The couple listen to understand each other. In this type of relationship, each allows the other a voice, choice and independence. Both flourish and grow as individuals.
However, sadly there are relationships where the opposite is true. In my work I have found that there are co-dependent/co-dependent type relationships or co-dependent/narcissistic/coercive type relationships.
Both are enmeshed and in both, neither couple are free to flourish individually because there is an element of control over the other in both which stifles the growth of one or both individuals in each type of relationship.
The draw of personality types
In the coercive/narcissistic type of relationship the abusive person tends to control, manipulate, lie, can be financially mean, can cheat and gaslight and in many cases can be violent. Their partner becomes destabilised and loses their self-esteem. All too often this is not the first relationship of this type that the struggling partner has been in where they have been abused.
The abuser has often also come from a background where at least one parent was emotionally or physically abusive.
In therapy, we help the client to recognise the red flags earlier because if they do not, they are at risk and do enter similar relationships over and over and do not understand why. Therapy helps to build the person’s self-esteem perhaps for the first time because often the client has come from a narcissistic background and they are not aware of what normal is.
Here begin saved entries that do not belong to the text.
(* Let $\phi_{\mathrm{NH}}(y,t)=t^{-1/2}\exp(y^2/(2t))$ and $\log\Phi(\boldsymbol x,t)=\log\sum_{i=1}^N\phi_{\mathrm{NH}}(x_i,t)$ on $\mathbb{R}^N\times(0,\infty)$. Fix $(\boldsymbol x,t)$ and $(\Delta\boldsymbol x,\Delta t)$ with $t>0$ and $t+\Delta t>0$, and let $(\boldsymbol x(s),t(s))=(\boldsymbol x,t)+s(\Delta\boldsymbol x,\Delta t)$, $s\in[0,1]$, with $$t_\star:=\min_{s\in[0,1]}t(s),\qquad K_{\rm seg}:=\sup_{s\in[0,1]}\max_{1\le i\le N}\frac{x_i(s)^2}{t(s)}.$$ Then $\log\Phi$ satisfies $(1,2)$-generalized self-concordance on the segment $\mathcal C=\{(\boldsymbol x(s),t(s)):s\in[0,1]\}$ with respect to the norm $$\|(\bar{\boldsymbol x},\bar t)\|_*=A_x\|\bar{\boldsymbol x}\|_\infty+A_t|\bar t|,\qquad A_x=\frac{8\sqrt{K_{\rm seg}\vee1}}{\sqrt{t_\star}},\quad A_t=\frac{16(K_{\rm seg}\vee1)}{t_\star}.$$
   Context: A $C^3$ function $f$ on an open set $\mathrm{dom}(f)\subseteq\mathbb{R}^p$ satisfies $(M,2)$-generalized self-concordance in a norm $\|\cdot\|_*$ on $\mathcal C\subseteq\mathrm{dom}(f)$ if for all $\boldsymbol x\in\mathcal C$ and $\boldsymbol u,\boldsymbol v\in\mathbb{R}^p$: $|\nabla^3f(\boldsymbol x)[\boldsymbol u,\boldsymbol u,\boldsymbol v]|\le M\|\boldsymbol v\|_*\,\boldsymbol u^{\mathsf T}\nabla^2f(\boldsymbol x)\boldsymbol u$. $a\vee b=\max\{a,b\}$. *)

(* Vectors in R^N are functions nat -> R;
   only the coordinates 0..N-1 are used. *)
From Stdlib Require Import Reals List.
From Coquelicot Require Import Coquelicot.
Open Scope R_scope.

Definition phiNH (y t : R) : R := / sqrt t * exp (y ^ 2 / (2 * t)).

Definition sumN (N : nat) (g : nat -> R) : R :=
  fold_right Rplus 0 (map g (seq 0 N)).

(* max_{1<=i<=N} g(i) for nonnegative g (used for the sup-norm and K_seg) *)
Definition maxN (N : nat) (g : nat -> R) : R :=
  fold_right Rmax 0 (map g (seq 0 N)).

Definition logPhi (N : nat) (x : nat -> R) (t : R) : R :=
  ln (sumN N (fun i => phiNH (x i) t)).

Definition plane (f : (nat -> R) -> R -> R) (x : nat -> R) (t : R)
  (ux : nat -> R) (ut : R) (vx : nat -> R) (vt : R) (a b : R) : R :=
  f (fun i => x i + a * ux i + b * vx i) (t + a * ut + b * vt).

(* u^T (nabla^2 f)(x,t) u  as the second directional derivative *)
Definition hess_form (f : (nat -> R) -> R -> R) (x : nat -> R) (t : R)
  (ux : nat -> R) (ut : R) : R :=
  Derive (fun a => Derive (fun a' => plane f x t ux ut ux ut a' 0) a) 0.

(* (nabla^3 f)(x,t)[u,u,v] as the mixed directional derivative d_b d_a^2 *)
Definition third_form (f : (nat -> R) -> R -> R) (x : nat -> R) (t : R)
  (ux : nat -> R) (ut : R) (vx : nat -> R) (vt : R) : R :=
  Derive (fun b =>
    Derive (fun a => Derive (fun a' => plane f x t ux ut vx vt a' b) a) 0) 0.

Definition seg_x (x dx : nat -> R) (s : R) : nat -> R := fun i => x i + s * dx i.
Definition seg_t (t dt s : R) : R := t + s * dt.

Definition t_star (t dt : R) : R :=
  real (Glb_Rbar (fun r => exists s, 0 <= s <= 1 /\ r = seg_t t dt s)).

Definition K_seg (N : nat) (x dx : nat -> R) (t dt : R) : R :=
  real (Lub_Rbar (fun r => exists s, 0 <= s <= 1 /\
          r = maxN N (fun i => (seg_x x dx s i) ^ 2 / seg_t t dt s))).

Definition A_x (N : nat) (x dx : nat -> R) (t dt : R) : R :=
  8 * sqrt (Rmax (K_seg N x dx t dt) 1) / sqrt (t_star t dt).
Definition A_t (N : nat) (x dx : nat -> R) (t dt : R) : R :=
  16 * Rmax (K_seg N x dx t dt) 1 / t_star t dt.

Definition star_norm (N : nat) (x dx : nat -> R) (t dt : R)
  (vx : nat -> R) (vt : R) : R :=
  A_x N x dx t dt * maxN N (fun i => Rabs (vx i)) + A_t N x dx t dt * Rabs vt.

Definition gen_self_concordant (N : nat) (M : R) (f : (nat -> R) -> R -> R)
  (C : (nat -> R) -> R -> Prop) (nrm : (nat -> R) -> R -> R) : Prop :=
  forall x t, C x t ->
  forall (ux : nat -> R) (ut : R) (vx : nat -> R) (vt : R),
    Rabs (third_form f x t ux ut vx vt) <= M * nrm vx vt * hess_form f x t ux ut.

From Pilot Require Import Defs.
From Stdlib Require Import Reals List Lra Lia Psatz FunctionalExtensionality.
From Coquelicot Require Import Coquelicot.
Open Scope R_scope.
(* Let $\mathcal N=(\mathcal V,\mathcal R)$ be a non-autocatalytic reaction network on $n$ species, let $\mathbf k\in\mathbb R_{>0}^{\mathcal R}$ be rate constants and $\boldsymbol\tau\in\mathbb R_{\ge 0}^{\mathcal R}$ delay parameters, and let $\mathbf x^*\in\mathbb R^n_{>0}$ be an equilibrium of the delay mass action system $\mathcal N_{\boldsymbol\tau,\mathbf k}$. Let $J_\lambda=J_\lambda(\mathbf x^*,\mathbf k,\boldsymbol\tau)$, $J=J(\mathbf x^*,\mathbf k)$ and $\tilde J=\tilde J(\mathbf x^*,\mathbf k)$ be the matrices defined in the context. Suppose $\det J\neq 0$, $\tilde J_{ii}<0$ for all $i$, and $-\tilde J$ is a $P_0$-matrix. Then every root $\lambda\in\mathbb C$ of the characteristic equation $\det(J_\lambda-\lambda I)=0$ has negative real part.
   Context: A reaction network $\mathcal N=(\mathcal V,\mathcal R)$ is a finite directed graph whose vertices (complexes) are vectors $\mathbf y\in\mathbb R^n_{\ge 0}$; each edge $\mathbf y\to\mathbf y'$ is a reaction. Species are identified with the standard basis vectors $\mathbf e_1,\dots,\mathbf e_n$. A reaction $\mathbf y\to\mathbf y'$ is autocatalytic if $\mathrm{supp}(\mathbf y)\cap\mathrm{supp}(\mathbf y')\neq\emptyset$ and $y_i'>y_i$ for every $i\in\mathrm{supp}(\mathbf y)\cap\mathrm{supp}(\mathbf y')$; the network is non-autocatalytic if it has no autocatalytic reactions. For $\mathbf x\in\mathbb R^n_{>0}$, write $\mathbf x^{\mathbf y}=\prod_i x_i^{y_i}$. Given rate constants $k_{\mathbf y\to\mathbf y'}>0$ and delays $\tau_{\mathbf y\to\mathbf y'}\ge 0$ (one per reaction), the delay mass action system $\mathcal N_{\boldsymbol\tau,\mathbf k}$ is $\dot{\mathbf x}(t)=\sum_{\mathbf y\to\mathbf y'\in\mathcal R}k_{\mathbf y\to\mathbf y'}[\mathbf x(t-\tau_{\mathbf y\to\mathbf y'})]^{\mathbf y}\mathbf y'-\sum_{\mathbf y\to\mathbf y'\in\mathcal R}k_{\mathbf y\to\mathbf y'}[\mathbf x(t)]^{\mathbf y}\mathbf y$; an equilibrium is a constant solution $\mathbf x^*\in\mathbb R^n_{>0}$. For $\mathbf x\in\mathbb R^n_{>0}$ and $\lambda\in\mathbb C$, define $n\times n$ matrices with entries (row $j$, column $i$): $(J_\lambda)_{ji}=\sum_{\mathbf y\to\mathbf y'\in\mathcal R}k_{\mathbf y\to\mathbf y'}\mathbf x^{\mathbf y}\frac{y_i}{x_i}\big(y'_j e^{-\lambda\tau_{\mathbf y\to\mathbf y'}}-y_j\big)$; $J_{ji}=\sum_{\mathbf y\to\mathbf y'}k_{\mathbf y\to\mathbf y'}\mathbf x^{\mathbf y}\frac{y_i}{x_i}(y'_j-y_j)$ (the Jacobian of the delay-free mass action system); and the modified Jacobian $\tilde J_{ji}=\sum_{\mathbf y\to\mathbf y'}k_{\mathbf y\to\mathbf y'}\mathbf x^{\mathbf y}\frac{y_i}{x_i}(y'_j+y_j)$ for $j\neq i$, and $\tilde J_{ii}=\sum_{\mathbf y\to\mathbf y'}k_{\mathbf y\to\mathbf y'}\mathbf x^{\mathbf y}\frac{y_i}{x_i}(y'_i-y_i)$. A real square matrix is a $P_0$-matrix if all its principal minors are non-negative. *)

From HB Require Import structures.
From mathcomp Require Import all_boot all_order all_algebra.
From mathcomp Require Import all_classical all_reals all_analysis.
From mathcomp.real_closed Require Import complex.
Set Implicit Arguments. Unset Strict Implicit. Unset Printing Implicit Defensive.
Import Order.TTheory GRing.Theory Num.Theory.
Local Open Scope ring_scope.
Local Open Scope complex_scope.
(* Let $\rho_z$ and $\rho_{z'}$ be the discounted state occupation measures of a fixed policy from initial states $z,z'\in\mathcal{S}$, let $R:\mathcal{S}\to\mathbb{R}^d$ be a bounded measurable function, and set $H=\big\|\int R(s)\,\rho_z(ds)\big\|$. Then \[ q:=\int\!\!\int R(s)^\top R(s')\,\rho_z(ds)\,\rho_{z'}(ds') \;\ge\; H\Big(H-2\,\|R\|_{\infty,2}\,\|\Delta_{z',z}\|_{\mathrm{TV}}\Big). \]
   Context: For a Markov decision process with state space $\mathcal{S}$, policy $\pi$, and discount factor $\gamma\in(0,1)$, the discounted state occupation measure from $z$ is $\rho_z(\cdot)=(1-\gamma)\sum_{t\ge0}\gamma^t\,\mathbb{P}(s_t\in\cdot\mid s_0=z,\pi)$ (a probability measure on $\mathcal{S}$). $\Delta_{z',z}=\rho_{z'}-\rho_z$ is a signed measure and $\|\Delta_{z',z}\|_{\mathrm{TV}}=\sup_B|\Delta_{z',z}(B)|$ is its total variation norm. $\|\cdot\|$ is the Euclidean norm, and $\|R\|_{\infty,2}=\sqrt{\sum_{i=1}^d\big(\sup_{s\in\mathcal{S}}|[R(s)]_i|\big)^2}$. *)

From HB Require Import structures.
From mathcomp Require Import all_boot all_order all_algebra.
From mathcomp Require Import all_classical all_reals all_analysis.
Set Implicit Arguments. Unset Strict Implicit. Unset Printing Implicit Defensive.
Import Order.TTheory GRing.Theory Num.Theory.
Local Open Scope classical_set_scope.
Local Open Scope ring_scope.

(* n_step P pi t z B = P(s_t \in B | s_0 = z, pi)  (backward recursion) *)
Fixpoint n_step {dS dA} {S : measurableType dS} {A : measurableType dA}
  {R : realType} (P : R.-pker (S * A)%type ~> S) (pi : R.-pker S ~> A)
  (t : nat) (z : S) (B : set S) : \bar R :=
  match t with
  | 0%N => \d_z B
  | t'.+1 => (\int[pi z]_a \int[P (z, a)]_s (n_step P pi t' s B))%E
  end.

Definition occupation {dS dA} {S : measurableType dS} {A : measurableType dA}
  {R : realType} (P : R.-pker (S * A)%type ~> S) (pi : R.-pker S ~> A)
  (gamma : R) (z : S) (B : set S) : \bar R :=
  (((1 - gamma)%:E) * \sum_(0 <= t <oo) ((gamma ^+ t)%:E * n_step P pi t z B))%E.

Definition is_occupation {dS dA} {S : measurableType dS} {A : measurableType dA}
  {R : realType} (P : R.-pker (S * A)%type ~> S) (pi : R.-pker S ~> A)
  (gamma : R) (z : S) (mu : probability S R) : Prop :=
  forall B, measurable B -> mu B = occupation P pi gamma z B.

Definition vec_integral {dS} {S : measurableType dS} {R : realType} {d : nat}
  (mu : probability S R) (Rf : S -> 'rV[R]_d) : 'rV[R]_d :=
  \row_i (\int[mu]_(s in setT) Rf s ord0 i)%R.

Definition euclid_norm {R : realType} {d : nat} (v : 'rV[R]_d) : R :=
  Num.sqrt (\sum_i (v ord0 i) ^+ 2).

Definition sup2_norm {dS} {S : measurableType dS} {R : realType} {d : nat}
  (Rf : S -> 'rV[R]_d) : R :=
  Num.sqrt (\sum_i (sup [set `|Rf s ord0 i| | s in [set: S]]) ^+ 2).

Definition tv_norm {dS} {S : measurableType dS} {R : realType}
  (mu nu : probability S R) : R :=
  sup [set `|fine (mu B) - fine (nu B)| | B in [set B : set S | measurable B]].

From HB Require Import structures.
From mathcomp Require Import all_boot all_order all_algebra.
From mathcomp Require Import all_classical all_reals all_analysis.
From mathcomp Require Import measurable_realfun ring lra.

(* With v and w the mean reward vectors under rho_z and rho_z', linearity of
   the integral gives q = <v, w>.  The Hahn-Jordan decomposition of
   rho_z' - rho_z bounds every coordinate |w_i - v_i| by
   2 sup|R_i| ||Delta||_TV, hence
   <v, w> >= |v|^2 - 2 ||Delta||_TV sum_i |v_i| sup|R_i|,
   and Cauchy-Schwarz bounds the last sum by H ||R||_{infty,2}. *)

Set Implicit Arguments.
Unset Strict Implicit.
Unset Printing Implicit Defensive.

Import Order.TTheory GRing.Theory Num.Theory.
Local Open Scope classical_set_scope.
Local Open Scope ring_scope.

Section cauchy_schwarz.
Variables (R : rcfType) (n : nat).
Implicit Types a b k : 'I_n -> R.

Lemma cauchy_schwarz_sum a b :
  \sum_i a i * b i <= Num.sqrt (\sum_i a i ^+ 2) * Num.sqrt (\sum_i b i ^+ 2).
Proof.
set A := \sum_i a i ^+ 2; set B := \sum_i b i ^+ 2; set C := \sum_i a i * b i.
have A0 : 0 <= A by apply: sumr_ge0 => i _; exact: sqr_ge0.
have B0 : 0 <= B by apply: sumr_ge0 => i _; exact: sqr_ge0.
have lagrange : \sum_i \sum_j (a i * b j - a j * b i) ^+ 2 = 2 * (A * B - C ^+ 2).
  have -> : A * B = \sum_i \sum_j a i ^+ 2 * b j ^+ 2.
    by rewrite mulr_suml; apply: eq_bigr => i _; rewrite mulr_sumr.
  have -> : C ^+ 2 = \sum_i \sum_j a i * b i * (a j * b j).
    by rewrite expr2 mulr_suml; apply: eq_bigr => i _; rewrite mulr_sumr.
  have swap : \sum_i \sum_j a i ^+ 2 * b j ^+ 2 =
               \sum_i \sum_j b i ^+ 2 * a j ^+ 2.
    rewrite exchange_big; apply: eq_bigr => i _.
    by apply: eq_bigr => j _; rewrite mulrC.
  rewrite mulrBr mulr_natl mulr2n {2}swap -big_split /= mulr_sumr -sumrB.
  apply: eq_bigr => i _; rewrite -big_split /= mulr_sumr -sumrB.
  by apply: eq_bigr => j _; ring.
have : C ^+ 2 <= A * B.
  have : 0 <= \sum_i \sum_j (a i * b j - a j * b i) ^+ 2.
    by apply: sumr_ge0 => i _; apply: sumr_ge0 => j _; exact: sqr_ge0.
  rewrite lagrange; lra.
rewrite -sqrtrM // => CAB.
have [C0|C0] := lerP C 0; first exact: le_trans C0 (sqrtr_ge0 _).
by rewrite -(ger0_norm (ltW C0)) -sqrtr_sqr ler_sqrt ?mulr_ge0.
Qed.

Lemma dot_ge_of_close a b k (t : R) : 0 <= t ->
    (forall i, `|b i - a i| <= k i * t) ->
  Num.sqrt (\sum_i a i ^+ 2) *
    (Num.sqrt (\sum_i a i ^+ 2) - Num.sqrt (\sum_i k i ^+ 2) * t)
  <= \sum_i a i * b i.
Proof.
move=> t0 abk.
have termwise : \sum_i (a i ^+ 2 - `|a i| * k i * t) <= \sum_i a i * b i.
  apply: ler_sum => i _.
  have : - (`|a i| * `|b i - a i|) <= a i * (b i - a i).
    by rewrite lerNl -normrM -normrN -mulrN; exact: ler_norm.
  have := ler_wpM2l (normr_ge0 (a i)) (abk i).
  rewrite mulrBr mulrA -expr2; lra.
have normsq : \sum_i `|a i| ^+ 2 = \sum_i a i ^+ 2.
  by apply: eq_bigr => i _; rewrite real_normK ?num_real.
have cs := cauchy_schwarz_sum (fun i => `|a i|) k; rewrite /= normsq in cs.
rewrite sumrB -mulr_suml in termwise.
set N := Num.sqrt (\sum_i a i ^+ 2) in cs *.
have N0 : 0 <= N := sqrtr_ge0 _.
have NN : N ^+ 2 = \sum_i a i ^+ 2.
  by rewrite sqr_sqrtr // sumr_ge0 // => i _; exact: sqr_ge0.
nra.
Qed.

End cauchy_schwarz.

Section bounded_integrals.
Context {R : realType} {dS : measure_display} {S : measurableType dS}.
Implicit Types (m mu nu : {finite_measure set S -> \bar R}) (f : S -> R).

Lemma bounded_integrable mu f (M : R) :
  measurable_fun setT f -> (forall s, `|f s| <= M) ->
  mu.-integrable setT (EFin \o f).
Proof.
move=> mf fM; apply: measurable_bounded_integrable => //.
  exact: fin_num_fun_lty (@fin_num_measure _ _ _ mu).
exists M; split; first by rewrite num_real.
by move=> x Mx s _; exact: le_trans (fM s) (ltW Mx).
Qed.

Lemma Rintegral_sum mu (n : nat) (F : 'I_n -> S -> R) :
  (forall i, mu.-integrable setT (EFin \o F i)) ->
  \int[mu]_(x in setT) (\sum_i F i x) = \sum_i \int[mu]_(x in setT) F i x.
Proof.
move=> iF; rewrite /Rintegral.
under eq_integral do rewrite -sumEFin.
rewrite integral_sum // -EFin_sum_fine //= => i _.
exact: integrable_fin_num (iF i).
Qed.

Lemma Rintegral_Rintegral_dotmx mu nu (n : nat) (f : S -> 'rV[R]_n) (M : R) :
    (forall i, measurable_fun setT (fun s => f s ord0 i)) ->
    (forall s i, `|f s ord0 i| <= M) ->
  \int[nu]_(t in setT) \int[mu]_(s in setT) (f s *m (f t)^T) ord0 ord0 =
  \sum_i (\int[mu]_(s in setT) f s ord0 i) * \int[nu]_(t in setT) f t ord0 i.
Proof.
move=> mf fM.
have fint m i : m.-integrable setT (EFin \o (fun s => f s ord0 i)).
  exact: bounded_integrable _ (mf i) (fM ^~ i).
have scaled_int m i c : m.-integrable setT (EFin \o (fun s => c * f s ord0 i)).
  apply: (bounded_integrable _ (M := `|c| * M)).
    exact: measurable_funM (measurable_cst _) (mf i).
  by move=> s; rewrite normrM ler_wpM2l.
transitivity (\int[nu]_(t in setT)
    \sum_i (\int[mu]_(s in setT) f s ord0 i) * f t ord0 i).
  apply: eq_Rintegral => t _.
  transitivity (\int[mu]_(s in setT) \sum_i f t ord0 i * f s ord0 i).
    apply: eq_Rintegral => s _; rewrite !mxE; apply: eq_bigr => i _.
    by rewrite mxE mulrC.
  rewrite (Rintegral_sum (F := fun i s => f t ord0 i * f s ord0 i)) => [|i].
    apply: eq_bigr => i _; rewrite RintegralZl //; [exact: mulrC | exact: fint].
  exact: scaled_int.
rewrite (Rintegral_sum
  (F := fun i t => (\int[mu]_(s in setT) f s ord0 i) * f t ord0 i)).
  by apply: eq_bigr => i _; rewrite RintegralZl //; exact: fint.
by move=> i; exact: scaled_int.
Qed.

Lemma normr_Rintegral_le_mass mu f (M : R) :
  measurable_fun setT f -> (forall s, `|f s| <= M) ->
  `|\int[mu]_(s in setT) f s| <= M * fine (mu setT).
Proof.
move=> mf fM; have fint := bounded_integrable mu mf fM.
apply: le_trans (le_normr_Rintegral measurableT fint) _.
rewrite -Rintegral_cst //; apply: le_Rintegral => //.
- exact: integrable_norm fint.
- exact: (bounded_integrable _ (M := `|M|) (measurable_cst M) (fun=> lexx _)).
Qed.

Lemma Rintegral_eq_of_measure_sum (m1 m2 m3 m4 : {finite_measure set S -> \bar R})
    f (M : R) :
    (forall A, measurable A -> m1 A + m2 A = m3 A + m4 A)%E ->
    measurable_fun setT f -> (forall s, `|f s| <= M) ->
  \int[m1]_(s in setT) f s + \int[m2]_(s in setT) f s =
  \int[m3]_(s in setT) f s + \int[m4]_(s in setT) f s.
Proof.
move=> m1234 mf fM.
have fint m := bounded_integrable m mf fM.
have EFin_Rintegral m :
    (\int[m]_(s in setT) f s)%:E = (\int[m]_(s in setT) (f s)%:E)%E.
  by rewrite fineK //; exact: integrable_fin_num (fint m).
apply: EFin_inj; rewrite !EFinD !EFin_Rintegral.
rewrite -!integral_measure_add //; [|exact: fint..].
apply: eq_measure_integral => A mA _.
by have := m1234 A mA; rewrite -!measure_addE.
Qed.

End bounded_integrals.

Section total_variation.
Context {R : realType} {dS : measure_display} {S : measurableType dS}.
Implicit Types mu nu : probability S R.

Lemma tv_norm_ub mu nu B : measurable B ->
  `|fine (mu B) - fine (nu B)| <= tv_norm mu nu.
Proof.
move=> mB; apply: ub_le_sup; last by exists B.
exists 1 => _ [C mC <-].
have fine_prob (P : probability S R) : 0 <= fine (P C) <= 1.
  rewrite fine_ge0 ?measure_ge0 //= -lee_fin fineK ?fin_num_measure //.
  exact: probability_le1.
have /andP[? ?] := fine_prob mu; have /andP[? ?] := fine_prob nu.
rewrite ler_norml; apply/andP; split; lra.
Qed.

Lemma tv_norm_ge0 mu nu : 0 <= tv_norm mu nu.
Proof. exact: le_trans (normr_ge0 _) (tv_norm_ub mu nu measurable0). Qed.

Lemma jordan_decomposition_tv mu nu :
  exists Jp Jn : {finite_measure set S -> \bar R},
    [/\ (forall A, measurable A -> mu A + Jn A = nu A + Jp A)%E,
        fine (Jp setT) <= tv_norm mu nu & fine (Jn setT) <= tv_norm mu nu].
Proof.
pose chg :=
  cadd (charge_of_finite_measure mu) (copp (charge_of_finite_measure nu)).
have [P [N PN]] := Hahn_decomposition chg.
have [[mP _] [mN _] _ _] := PN.
pose Jp := jordan_pos PN; pose Jn := jordan_neg PN.
have decomp A : measurable A -> (mu A + Jn A = nu A + Jp A)%E.
  move=> mA.
  have : (mu A - nu A = Jp A + (-1)%:E * Jn A)%E by exact (jordan_decomp PN mA).
  have [muA nuA JpA JnA] : [/\ mu A \is a fin_num, nu A \is a fin_num,
    Jp A \is a fin_num & Jn A \is a fin_num] by split; exact: fin_num_measure.
  rewrite -(fineK muA) -(fineK nuA) -(fineK JpA) -(fineK JnA).
  by rewrite -EFinN -!EFinM -!EFinD => -[jordan]; congr EFin; lra.
have Jp_tv : fine (Jp setT) <= tv_norm mu nu.
  rewrite /Jp jordan_posE cjordan_posE /crestr0 mem_set // /crestr /= setTI.
  rewrite /cadd /copp /= fineB ?fin_num_measure //.
  exact: le_trans (ler_norm _) (tv_norm_ub mu nu mP).
have Jn_tv : fine (Jn setT) <= tv_norm mu nu.
  rewrite /Jn jordan_negE cjordan_negE /crestr0 mem_set // /crestr /= setTI.
  rewrite /cadd /copp /= fineN fineB ?fin_num_measure //.
  by apply: le_trans (tv_norm_ub mu nu mN); rewrite -normrN ler_norm.
by exists Jp, Jn.
Qed.

Lemma normr_Rintegral_sub_le_tv mu nu (f : S -> R) (M : R) : 0 <= M ->
    measurable_fun setT f -> (forall s, `|f s| <= M) ->
  `|\int[mu]_(s in setT) f s - \int[nu]_(s in setT) f s| <= 2 * M * tv_norm mu nu.
Proof.
move=> M0 mf fM.
have [Jp [Jn [munu Jp_tv Jn_tv]]] := jordan_decomposition_tv mu nu.
have := Rintegral_eq_of_measure_sum munu mf fM.
have := normr_Rintegral_le_mass Jp mf fM.
have := normr_Rintegral_le_mass Jn mf fM.
have := ler_wpM2l M0 Jp_tv; have := ler_wpM2l M0 Jn_tv.
rewrite !ler_norml; nra.
Qed.

End total_variation.

Theorem lemma1 (R : realType) (dS dA : measure_display)
  (S : measurableType dS) (A : measurableType dA)
  (P : R.-pker (S * A)%type ~> S) (pi : R.-pker S ~> A)
  (gamma : R) (hgamma : 0 < gamma < 1)
  (z z' : S) (rho_z rho_z' : probability S R)
  (hz : is_occupation P pi gamma z rho_z)
  (hz' : is_occupation P pi gamma z' rho_z')
  (d : nat) (Rf : S -> 'rV[R]_d)
  (Rmeas : forall i, measurable_fun [set: S] (fun s => Rf s ord0 i))
  (Rbdd : exists M : R, forall s i, `|Rf s ord0 i| <= M) :
  let H := euclid_norm (vec_integral rho_z Rf) in
  let q := (\int[rho_z']_(s' in setT)
              (\int[rho_z]_(s in setT) (Rf s *m (Rf s')^T) ord0 ord0)%R)%R in
  q >= H * (H - 2 * sup2_norm Rf * tv_norm rho_z' rho_z).
Proof.
cbv zeta; have [M RM] := Rbdd.
pose K i := sup [set `|Rf s ord0 i| | s in [set: S]].
have RK s i : `|Rf s ord0 i| <= K i.
  by apply: ub_le_sup; [exists M => _ [t _ <-] | exists s].
pose v i := \int[rho_z]_(s in setT) Rf s ord0 i.
pose w i := \int[rho_z']_(s in setT) Rf s ord0 i.
have wv i : `|w i - v i| <= K i * (2 * tv_norm rho_z' rho_z).
  rewrite mulrCA mulrA; apply: normr_Rintegral_sub_le_tv (Rmeas i) (RK ^~ i).
  exact: le_trans (normr_ge0 _) (RK z i).
rewrite (Rintegral_Rintegral_dotmx _ _ Rmeas RM).
have -> : euclid_norm (vec_integral rho_z Rf) = Num.sqrt (\sum_i v i ^+ 2).
  by congr Num.sqrt; apply: eq_bigr => i _; rewrite mxE.
rewrite (mulrC 2) -mulrA.
exact: dot_ge_of_close (mulr_ge0 _ (tv_norm_ge0 _ _)) wv.
Qed.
The co-dependent’s control is very subtle/covert. They control by being dependent, needy, jealous, and fearful, they control the choices of others, they need to be needed to feel of worth and need to be externally validated, when they do something its often conditional. Many fear the outside world so they become dependent on their partner. This stops them both from growing. Or keeps the co-dependent in a toxic relationship. Therapy can help the co-dependent to recover.
In a co-dependent relationship neither person makes their own needs a priority, this comes from childhood conditioning to get their parent’s approval. It has been my experience that the co-dependent couple can neglect their children’s needs to take care of others’ needs.
Neither partner is centring their focus on their own or their family’s needs, this is because their self-esteem is met externally to get approval. This is a very hidden dysfunction in a relationship.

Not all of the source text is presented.